** TASK ITEM **
Return verbatim the line containing "From Stdlib Require List." together with all lines that follow it in the records, and no other material.

☆ ☆ ☆ ☆ ☆ ☆ ☆

(* Replace theta by a complex variable w and put
     M(w)_jk = exp(u_j(w)) G_jk - lam delta_jk,
     u_j(w) = -(i mu / 2) (e^{i (w + 2 pi j / Q)} + e^{-i (w + 2 pi j / Q)}),
   so that M(theta) = S(theta, mu) - lam on the real axis and
   Phi(w) = det M(w) vanishes on E.
   1. Phi is an exponential polynomial: a finite sum of terms
      c exp(i k w + g e^{iw} + d e^{-iw}).  This class is closed under sums,
      products and differentiation, with explicit growth bounds for iterated
      derivatives; with Taylor's bound they give an identity theorem: if all
      derivatives vanish at one point, the function vanishes identically.
   2. A set of positive measure is infinite, so E has a cluster point
      t0; by Rolle's theorem all derivatives of Phi vanish at t0.  Hence
      Phi = 0 everywhere.
   3. Along w_m = pi/(2Q) - i m, Re u_j(w_m) tends to +oo for j < d and to -oo
      for j >= d.  Dividing the first d rows of M(w_m) by exp(u_j), the
      matrices converge to a block-triangular matrix of determinant
      (-lam)^(Q-d) det G^(d), which is therefore 0.
   4. Finally lam <> 0: for lam = 0, Phi(0) = det(diag(exp u_j(0)) G) <> 0
      because G is conjugate by the discrete Fourier transform to the
      invertible diagonal matrix diag(a_r). *)

From HB Require Import structures.
From Stdlib Require Import Reals ZArith Lra Lia Psatz.
From Stdlib Require Import Classical ClassicalEpsilon.
From Stdlib Require List.
From mathcomp Require Import all_boot all_order all_algebra perm.

Set Implicit Arguments.
Unset Strict Implicit.
Unset Printing Implicit Defensive.

Import GRing.Theory.
Local Open Scope R_scope.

☆ ☆ ☆ ☆ ☆ ☆ ☆

** WRITTEN ANSWER **
From Stdlib Require List.
From mathcomp Require Import all_boot all_order all_algebra perm.

Set Implicit Arguments.
Unset Strict Implicit.
Unset Printing Implicit Defensive.

Import GRing.Theory.
Local Open Scope R_scope.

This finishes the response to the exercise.